Task goal —
How do the lines below between the ones holding "Definition edge_transitive (n" and "(* chi_vec(G) = c", inclusive, read? Give them again exactly, with no other lines.

Dataset entries below:

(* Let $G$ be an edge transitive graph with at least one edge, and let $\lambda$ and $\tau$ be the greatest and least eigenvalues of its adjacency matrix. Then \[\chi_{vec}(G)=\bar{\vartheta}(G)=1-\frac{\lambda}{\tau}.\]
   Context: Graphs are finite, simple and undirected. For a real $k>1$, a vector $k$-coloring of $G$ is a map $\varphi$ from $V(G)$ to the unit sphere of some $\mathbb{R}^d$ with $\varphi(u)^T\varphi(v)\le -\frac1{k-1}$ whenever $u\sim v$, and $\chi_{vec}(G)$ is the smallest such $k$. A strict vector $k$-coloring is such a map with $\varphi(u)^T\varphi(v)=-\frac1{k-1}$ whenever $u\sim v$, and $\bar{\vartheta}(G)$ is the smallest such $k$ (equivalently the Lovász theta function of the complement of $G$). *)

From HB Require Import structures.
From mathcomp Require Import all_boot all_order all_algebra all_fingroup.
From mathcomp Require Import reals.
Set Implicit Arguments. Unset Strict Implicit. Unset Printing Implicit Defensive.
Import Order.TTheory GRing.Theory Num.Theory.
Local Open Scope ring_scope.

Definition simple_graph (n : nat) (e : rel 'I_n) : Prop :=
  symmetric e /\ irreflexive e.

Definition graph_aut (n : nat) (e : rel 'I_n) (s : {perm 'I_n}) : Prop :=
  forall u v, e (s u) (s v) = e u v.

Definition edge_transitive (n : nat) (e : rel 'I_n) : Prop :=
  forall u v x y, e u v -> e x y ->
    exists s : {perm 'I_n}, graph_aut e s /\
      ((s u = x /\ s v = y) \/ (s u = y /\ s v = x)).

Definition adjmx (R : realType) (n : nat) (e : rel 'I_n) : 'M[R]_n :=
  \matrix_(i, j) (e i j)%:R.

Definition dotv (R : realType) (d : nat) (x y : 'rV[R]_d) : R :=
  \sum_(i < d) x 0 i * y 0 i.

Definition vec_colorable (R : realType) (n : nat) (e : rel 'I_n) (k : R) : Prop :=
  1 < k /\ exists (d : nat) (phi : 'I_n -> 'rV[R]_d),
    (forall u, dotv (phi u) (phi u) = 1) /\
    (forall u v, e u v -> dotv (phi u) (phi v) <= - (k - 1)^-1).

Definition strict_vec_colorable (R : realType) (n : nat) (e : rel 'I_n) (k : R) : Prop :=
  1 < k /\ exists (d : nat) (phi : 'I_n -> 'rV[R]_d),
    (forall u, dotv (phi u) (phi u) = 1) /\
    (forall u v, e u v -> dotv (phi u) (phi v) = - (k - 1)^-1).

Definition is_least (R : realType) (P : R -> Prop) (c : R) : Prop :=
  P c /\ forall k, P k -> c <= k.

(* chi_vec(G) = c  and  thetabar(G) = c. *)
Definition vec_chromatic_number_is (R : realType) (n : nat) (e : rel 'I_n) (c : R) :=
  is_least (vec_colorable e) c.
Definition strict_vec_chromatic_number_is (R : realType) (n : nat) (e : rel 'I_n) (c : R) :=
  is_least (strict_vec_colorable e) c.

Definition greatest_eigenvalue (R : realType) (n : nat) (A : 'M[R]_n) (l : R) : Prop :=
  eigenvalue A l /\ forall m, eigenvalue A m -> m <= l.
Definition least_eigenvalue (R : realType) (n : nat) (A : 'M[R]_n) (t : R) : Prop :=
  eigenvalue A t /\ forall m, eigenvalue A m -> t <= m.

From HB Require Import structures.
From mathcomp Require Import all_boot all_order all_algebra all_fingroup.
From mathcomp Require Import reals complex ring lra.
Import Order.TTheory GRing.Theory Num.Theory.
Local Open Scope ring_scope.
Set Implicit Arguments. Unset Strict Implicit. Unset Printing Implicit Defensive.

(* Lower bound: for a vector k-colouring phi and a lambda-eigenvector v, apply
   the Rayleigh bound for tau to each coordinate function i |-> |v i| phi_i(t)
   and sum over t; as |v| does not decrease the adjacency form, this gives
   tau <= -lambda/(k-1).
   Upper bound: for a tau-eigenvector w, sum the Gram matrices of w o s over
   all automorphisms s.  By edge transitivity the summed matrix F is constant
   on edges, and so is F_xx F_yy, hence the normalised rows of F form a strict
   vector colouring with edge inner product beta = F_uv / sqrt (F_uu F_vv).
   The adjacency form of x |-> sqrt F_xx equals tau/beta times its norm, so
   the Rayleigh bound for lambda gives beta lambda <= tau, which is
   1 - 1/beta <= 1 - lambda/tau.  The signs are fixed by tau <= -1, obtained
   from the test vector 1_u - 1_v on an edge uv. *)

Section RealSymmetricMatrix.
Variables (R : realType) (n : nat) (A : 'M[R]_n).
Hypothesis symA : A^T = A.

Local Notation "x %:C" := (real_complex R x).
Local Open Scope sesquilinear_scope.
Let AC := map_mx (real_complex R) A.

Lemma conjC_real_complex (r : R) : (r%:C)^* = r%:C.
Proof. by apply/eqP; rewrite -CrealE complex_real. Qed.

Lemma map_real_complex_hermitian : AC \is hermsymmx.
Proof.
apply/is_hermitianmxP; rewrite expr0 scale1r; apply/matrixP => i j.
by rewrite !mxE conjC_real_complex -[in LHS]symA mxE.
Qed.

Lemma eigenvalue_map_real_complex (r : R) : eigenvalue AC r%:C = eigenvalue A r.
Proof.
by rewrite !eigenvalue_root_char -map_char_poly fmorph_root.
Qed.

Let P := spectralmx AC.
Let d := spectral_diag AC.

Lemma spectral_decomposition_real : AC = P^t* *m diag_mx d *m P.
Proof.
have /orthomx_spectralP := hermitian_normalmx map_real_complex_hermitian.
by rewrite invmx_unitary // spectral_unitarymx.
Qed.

End of Dataset entries.

Output of the exercise —
Definition edge_transitive (n : nat) (e : rel 'I_n) : Prop :=
  forall u v x y, e u v -> e x y ->
    exists s : {perm 'I_n}, graph_aut e s /\
      ((s u = x /\ s v = y) \/ (s u = y /\ s v = x)).

Definition adjmx (R : realType) (n : nat) (e : rel 'I_n) : 'M[R]_n :=
  \matrix_(i, j) (e i j)%:R.

Definition dotv (R : realType) (d : nat) (x y : 'rV[R]_d) : R :=
  \sum_(i < d) x 0 i * y 0 i.

Definition vec_colorable (R : realType) (n : nat) (e : rel 'I_n) (k : R) : Prop :=
  1 < k /\ exists (d : nat) (phi : 'I_n -> 'rV[R]_d),
    (forall u, dotv (phi u) (phi u) = 1) /\
    (forall u v, e u v -> dotv (phi u) (phi v) <= - (k - 1)^-1).

Definition strict_vec_colorable (R : realType) (n : nat) (e : rel 'I_n) (k : R) : Prop :=
  1 < k /\ exists (d : nat) (phi : 'I_n -> 'rV[R]_d),
    (forall u, dotv (phi u) (phi u) = 1) /\
    (forall u v, e u v -> dotv (phi u) (phi v) = - (k - 1)^-1).

Definition is_least (R : realType) (P : R -> Prop) (c : R) : Prop :=
  P c /\ forall k, P k -> c <= k.

(* chi_vec(G) = c  and  thetabar(G) = c. *)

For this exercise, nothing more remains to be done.